As much as we are on PV in the summer that body of water is a zoo. Not picking sides but the area this poor woman was hit is heavily used by boaters towing folks and just zooming around. Even while we troll the various areas we've encountered folks swimming and if you're not paying attention, theres wind and waves open water swimmers are very hard to see if they don't try to make themselves as visible as feasibly possible (head covers, pulling a swim buoy). 

We're in a 18.5' boat and we've almost been hit at least a half-dozen times over the years. Folks will be towing others and have a bow full of people or not on plane and they can't see out over the bow, including the driver is looking back at the person being towed. I've used the air horn can (boat horn isn't nearly loud enough) and we've stood up waving our arms. Thank God we haven't been hit yet but we've had some very close calls.

For folks diving in Utah I believe they follow these rules. Just too bad open water swimmers there's really no rules with maybe the only the rule is using common sense. 

Dive Flag: 

(0) A square, red flag with a white diagonal stripe from one top corner to the opposite bottom corner should be used to indicate the presence of a diver below.
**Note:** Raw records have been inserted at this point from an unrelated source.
Lemma linf_indicator x (u : hat P) (k : R) :
  linf (fun w => if w == u then k else 0) x = k * x u.
Proof. rewrite /linf (bigD1 u) //= eqxx big1 => [|w /negbTE ->]; lra. Qed.

Lemma linf_sum (I : finType) (Q : pred I) (f : I -> hat P -> R) x :
  linf (fun w => \big[Rplus/0]_(i | Q i) f i w) x =
  \big[Rplus/0]_(i | Q i) linf (f i) x.
Proof.
rewrite /linf exchange_big /=; apply: eq_bigr => w _.
by rewrite (big_morph (fun s => s * x w) (fun a b => Rmult_plus_distr_r a b (x w))
                      (Rmult_0_l (x w))).
Qed.

Definition diff_coef (u v : hat P) (w : hat P) : R :=
  (if w == u then 1 else 0) + (if w == v then -1 else 0).

Lemma linf_diff_coef (u v : hat P) x : linf (diff_coef u v) x = x u - x v.
Proof. rewrite /diff_coef linf_add !linf_indicator; lra. Qed.
End Functionals.

Section NonposSums.
Variables (I : finType) (Q : pred I) (f : I -> R).
Hypothesis f_nonpos : forall i, Q i -> f i <= 0.

Lemma sum_nonpos : \big[Rplus/0]_(i | Q i) f i <= 0.
Proof. by apply: (big_ind (fun r => r <= 0)) => [|a b|i /f_nonpos]; lra. Qed.

Lemma sum_nonpos_eq0 : \big[Rplus/0]_(i | Q i) f i = 0 -> forall i, Q i -> f i = 0.
Proof.
move=> sum0 i Qi; rewrite (bigD1 i) //= in sum0.
have rest : \big[Rplus/0]_(j | Q j && (j != i)) f j <= 0.
  by apply: (big_ind (fun r => r <= 0)) => [|a b|j /andP [/f_nonpos]]; lra.
have := f_nonpos Qi; lra.
Qed.
End NonposSums.

(* Classical decision of a proposition, to filter finite sums by Prop conditions. *)
Definition dec (Q : Prop) : bool := if excluded_middle_informative Q then true else false.
Lemma decP (Q : Prop) : reflect Q (dec Q).
Proof. by rewrite /dec; case: excluded_middle_informative => h; constructor. Qed.

Section Faces.
Variable P : finType.
Implicit Types (K F G : (hat P -> R) -> Prop).

Lemma is_face_ext K F G : is_face K F -> (forall x, F x <-> G x) -> is_face K G.
Proof.
move=> [c [b [valid faceF]]] FG; exists c, b; split=> // x.
by rewrite -FG faceF.
Qed.

(* If finitely many inequalities x u <= x v are valid on K, the subset of K where
   all of them are equalities is a face, on which the sum of the x u - x v
   attains its maximum 0. *)
Lemma tight_face K (Q : pred (hat P * hat P)) :
  (forall x, K x -> forall uv, Q uv -> x uv.1 <= x uv.2) ->
  is_face K (fun x => K x /\ forall uv, Q uv -> x uv.1 = x uv.2).
Proof.
move=> valid.
exists (fun w => \big[Rplus/0]_(uv | Q uv) diff_coef uv.1 uv.2 w), 0.
have linfE x : linf (fun w => \big[Rplus/0]_(uv | Q uv) diff_coef uv.1 uv.2 w) x =
               \big[Rplus/0]_(uv | Q uv) (x uv.1 - x uv.2).
  by rewrite linf_sum; apply: eq_bigr => uv _; rewrite linf_diff_coef.
split=> [x Kx | x]; rewrite linfE.
  by apply: sum_nonpos => uv /(valid x Kx)/Rle_minus.
split=> [[Kx tight] | [Kx sum0]]; split=> //.
  by rewrite big1 // => uv /tight /Rminus_diag_eq.
move=> uv Quv; apply: Rminus_diag_uniq; apply: (sum_nonpos_eq0 _ sum0 Quv).
by move=> uv' /(valid x Kx)/Rle_minus.
Qed.
End Faces.

Section GeneratedOrders.
Variables (P : finType) (le : P -> P -> Prop) (A : P -> Prop) (lam : P -> R).

Lemma opoly_gen_iff (L : hat P -> hat P -> Prop) x :
  opoly (gen_order le L) A lam x <->
  opoly (hle le) A lam x /\ (forall u v, L u v -> x u <= x v).
Proof.
split=> [[mono marks] | [[mono marks] monoL]].
  by split; [split=> // u v uv | move=> u v uv]; apply: mono; apply: rt_step; [left|right].
split=> // u v; elim=> {u v} [u v [/mono|/monoL] //|u|u v w _ ? _ ?]; lra.
Qed.

Lemma opposite_pairs_face (S : hat P -> Prop) (L1 L2 : hat P -> hat P -> Prop) :
  (forall u v, L2 u v -> S u /\ S v) ->
  (forall u v, S u -> S v -> L1 u v \/ L1 v u) ->
  is_face (opoly (gen_order le L1) A lam)
    (fun x => opoly (gen_order le L1) A lam x /\ opoly (gen_order le L2) A lam x).
Proof.
move=> supp2 total1.
pose opposite := [pred uv : hat P * hat P | dec (L1 uv.1 uv.2 /\ L2 uv.2 uv.1)].
apply: is_face_ext (tight_face (Q := opposite) _) _.
  by move=> x /opoly_gen_iff [_ monoL1] [u v] /decP [/monoL1].
move=> x; split=> [[K1x ties] | [K1x K2x]]; split=> //.
  move/opoly_gen_iff: (K1x) => [K0x monoL1].
  apply/opoly_gen_iff; split=> // u v L2uv.
  have [Su Sv] := supp2 _ _ L2uv.
  have [/monoL1 //|L1vu] := total1 _ _ Su Sv.
  by rewrite (ties (v, u)) /=; [lra | apply/decP].
move: K1x K2x => /opoly_gen_iff [_ monoL1] /opoly_gen_iff [_ monoL2].
by move=> [u v] /decP [/monoL1 ? /monoL2 ?]; apply: Rle_antisym.
Qed.
End GeneratedOrders.

Section Sweep.
Variables (P : finType) (le : P -> P -> Prop).
Hypothesis le_poset : is_poset le.

Lemma hle_trans (u v w : hat P) : hle le u v -> hle le v w -> hle le u w.
Proof.
case: le_poset => _ [_ trans].
by case: u => [[a|]|]; case: v => [[b|]|]; case: w => [[c|]|] //=; apply: trans.
Qed.

Lemma hle_anti (u v : hat P) : hle le u v -> hle le v u -> u = v.
Proof.
case: le_poset => _ [anti _].
by case: u => [[a|]|]; case: v => [[b|]|] //= ab ba; rewrite (anti _ _ ab ba).
Qed.

Lemma hlt_trans (u v w : hat P) : hlt le u v -> hlt le v w -> hlt le u w.
Proof.
move=> [uv u_ne_v] [vw v_ne_w]; split; first exact: hle_trans uv vw.
by move=> u_eq_w; subst w; apply: u_ne_v; apply: hle_anti.
Qed.

Definition rank (u : hat P) : nat := #|[pred w : hat P | dec (hlt le w u)]|.

Lemma rank_lt (u v : hat P) : hlt le u v -> (rank u < rank v)%N.
Proof.
move=> uv; apply: proper_card; apply/properP; split.
  by apply/subsetP => w; rewrite !inE => /decP wu; apply/decP; apply: hlt_trans wu uv.
by exists u; rewrite !inE; apply/decP => // -[].
Qed.

Definition tie_le (u v : hat P) : Prop :=
  (rank u < rank v)%N \/ (rank u = rank v /\ (enum_rank u <= enum_rank v)%N).

Lemma tie_le_anti (u v : hat P) : tie_le u v -> tie_le v u -> u = v.
Proof.
by rewrite /tie_le => uv vu; apply/enum_rank_inj/ord_inj; lia.
Qed.

Variable x : hat P -> R.
Hypothesis x_mono : forall u v, hle le u v -> x u <= x v.

Definition sweep_le (u v : hat P) : Prop := x u < x v \/ (x u = x v /\ tie_le u v).

Lemma sweep_le_refl (u : hat P) : sweep_le u u.
Proof. by right; split=> //; right; split. Qed.

Lemma sweep_le_anti (u v : hat P) : sweep_le u v -> sweep_le v u -> u = v.
Proof.
by move=> [uv|[uv tuv]] [vu|[vu tvu]]; try lra; apply: tie_le_anti.
Qed.

Lemma sweep_le_trans (u v w : hat P) : sweep_le u v -> sweep_le v w -> sweep_le u w.
Proof.
rewrite /sweep_le /tie_le.
by move=> [uv|[uv tuv]] [vw|[vw tvw]]; try (left; lra); right; split; [lra | lia].
Qed.

Lemma sweep_le_total (u v : hat P) : sweep_le u v \/ sweep_le v u.
Proof.
rewrite /sweep_le.
have [uv|[uv|vu]] := Rtotal_order (x u) (x v); [by left; left| |by right; left].
have [tuv|tvu] : tie_le u v \/ tie_le v u by rewrite /tie_le; lia.
  by left; right.
by right; right.
Qed.

Lemma sweep_le_hlt (u v : hat P) : hlt le u v -> sweep_le u v.
Proof.
move=> uv; have [lt | eq] := Rle_lt_or_eq_dec _ _ (x_mono (proj1 uv)); first by left.
by right; split=> //; left; apply: rank_lt.
Qed.

Definition sweep_ext (S : seq (hat P)) (u v : hat P) : Prop :=
  u \in S /\ v \in S /\ sweep_le u v.

Lemma sweep_ext_chain_lin_ext (p q : seq (hat P)) :
  desc_chain le p -> desc_chain le q -> chain_lin_ext p q (sweep_ext (p ++ q)).
Proof.
move=> chain_p chain_q.
have in_S (s : seq (hat P)) i :
    {subset s <= p ++ q} -> (i < size s)%N -> nth hbot s i \in p ++ q.
  by move=> sub i_lt; apply/sub/mem_nth.
have chain_ext (s : seq (hat P)) : desc_chain le s -> {subset s <= p ++ q} ->
    forall i j, (i < j < size s)%N -> sweep_ext (p ++ q) (nth hbot s j) (nth hbot s i).
  move=> chain sub i j /andP [ij js]; split; [|split]; first exact: in_S.
    by apply: in_S => //; apply: ltn_trans js.
  by apply/sweep_le_hlt/chain; rewrite ij.
split; first by move=> u v [? []].
split; first by move=> u Su; do 2!split=> //; apply: sweep_le_refl.
split; first by move=> u v [_ [_ uv]] [_ [_ vu]]; apply: sweep_le_anti.
split.
  by move=> u v w [Su [_ uv]] [_ [Sw vw]]; do 2!split=> //; apply: sweep_le_trans uv vw.
split.
  by move=> u v Su Sv; have [uv|vu] := sweep_le_total u v; [left|right]; repeat split.
by split; apply: chain_ext => // u us; rewrite mem_cat us ?orbT.
Qed.

Lemma sweep_ext_mono (S : seq (hat P)) (u v : hat P) : sweep_ext S u v -> x u <= x v.
Proof. by move=> [_ [_ [|[]]]]; lra. Qed.
End Sweep.

Lemma subdivision_cover (P : finType) (le : P -> P -> Prop) (A : P -> Prop) (lam : P -> R)
    (p q : seq (hat P)) (x : hat P -> R) :
  is_poset le -> desc_chain le p -> desc_chain le q ->
  opoly (hle le) A lam x <->
  exists L, chain_lin_ext p q L /\ opoly (gen_order le L) A lam x.
Proof.
move=> le_poset chain_p chain_q; split=> [Kx | [L [_ /opoly_gen_iff [] //]]].
have x_mono : forall u v, hle le u v -> x u <= x v by case: Kx.
exists (sweep_ext le x (p ++ q)); split; first exact: sweep_ext_chain_lin_ext.
by apply/opoly_gen_iff; split=> // u v; apply: sweep_ext_mono.
Qed.

Lemma chain_lin_ext_face (P : finType) (le : P -> P -> Prop) (A : P -> Prop)
    (lam : P -> R) (p q : seq (hat P)) (L1 L2 : hat P -> hat P -> Prop) :
  chain_lin_ext p q L1 -> chain_lin_ext p q L2 ->
  is_face (opoly (gen_order le L1) A lam)
    (fun x => opoly (gen_order le L1) A lam x /\ opoly (gen_order le L2) A lam x).
Proof.
move=> [_ [_ [_ [_ [total1 _]]]]] [supp2 _].
exact: opposite_pairs_face supp2 total1.
Qed.

Theorem lemma5p2 (P : finType) (le : P -> P -> Prop) (A : P -> Prop) (lam : P -> R)
    (D : drawing P) (F : pt -> Prop) (p q : seq (hat P)) :
  marked_poset le A lam ->
  bounded_embedding_of le A D ->
  dface le D F -> pbounded F ->
  ~ (exists t, open01 t /\ pclosure F (dleft D t)) ->
  ~ (exists t, open01 t /\ pclosure F (dright D t)) ->
  desc_chain le p -> (forall v, v \in p <-> left_bd le D F v) ->
  desc_chain le q -> (forall v, v \in q <-> right_bd le D F v) ->
  head hbot q = head hbot p -> last hbot q = last hbot p ->
  (forall x, opoly (hle le) A lam x <->
     exists L, chain_lin_ext p q L /\ opoly (gen_order le L) A lam x) /\
  (forall L1 L2, chain_lin_ext p q L1 -> chain_lin_ext p q L2 ->
     ~ (forall u v, L1 u v <-> L2 u v) ->
     is_face (opoly (gen_order le L1) A lam)
             (fun x => opoly (gen_order le L1) A lam x /\ opoly (gen_order le L2) A lam x) /\
     is_face (opoly (gen_order le L2) A lam)
             (fun x => opoly (gen_order le L1) A lam x /\ opoly (gen_order le L2) A lam x)).
Proof.
move=> [le_poset _] _ _ _ _ _ chain_p _ chain_q _ _ _.
split=> [x | L1 L2 ext1 ext2 _]; first exact: subdivision_cover.
split; first exact: (chain_lin_ext_face le A lam ext1 ext2).
apply: is_face_ext (chain_lin_ext_face le A lam ext2 ext1) _.
by move=> x; split=> -[].
Qed.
(1) A scuba diver shall display a diver's flag prior to diving activity and shall dive and surface in close proximity to the flag.

(2) No person shall place a diver's flag on the waters of this state unless diving activity is in progress in that area.

(3) If a diver's flag is placed after sunset or before sunrise, it shall be lighted.

(4) No person shall place a diver's flag in any area where boating activity might be unduly restricted.

(5) No scuba diver shall dive in a congested boating or fishing area such as narrow channels, launching or docking areas, or near reservoir outlets.

(6) The operator of any vessel shall not approach within 150 feet of a posted diver's flag, unless the vessel is part of the equipment in use by the divers.


----------



## bwhntr (Sep 12, 2007)

Great post K2. I can see how this type of accident is quite possible. It can be a very dangerous decision to swim in open waters where boats are allowed to operate in non-wakeless speeds. I am sure the swimmer could have taken better precautions. However, where is the responsibility of the driver of the boat? If an accident happens that is fine, I don't understand how you can leave her in the water to die and not be charged with anything. I am sure alcohol was a factor and that is why they left. This whole thing is very disturbing to me. I find it even more disturbing that they have still not been charged. It makes me wonder if there is nothing to charge them with.


----------



## k2muskie (Oct 6, 2007)

bwhntr agreed 1000% with what you stated. For the life of me I can't comprehend knowing they hit someone going back to her then knowing without a doubt she was seriously injured and then high tailing from the scene is totally unexcuseable. Will be interesing if they ever do get charged with a crime kinda has one scratching their head.


----------



## longbow (Mar 31, 2009)

k2muskie said:


> bwhntr agreed 1000% with what you stated. For the life of me I can't comprehend knowing they hit someone going back to her then knowing without a doubt she was seriously injured and then high tailing from the scene is totally unexcuseable. Will be interesing if they ever do get charged with a crime kinda has one scratching their head.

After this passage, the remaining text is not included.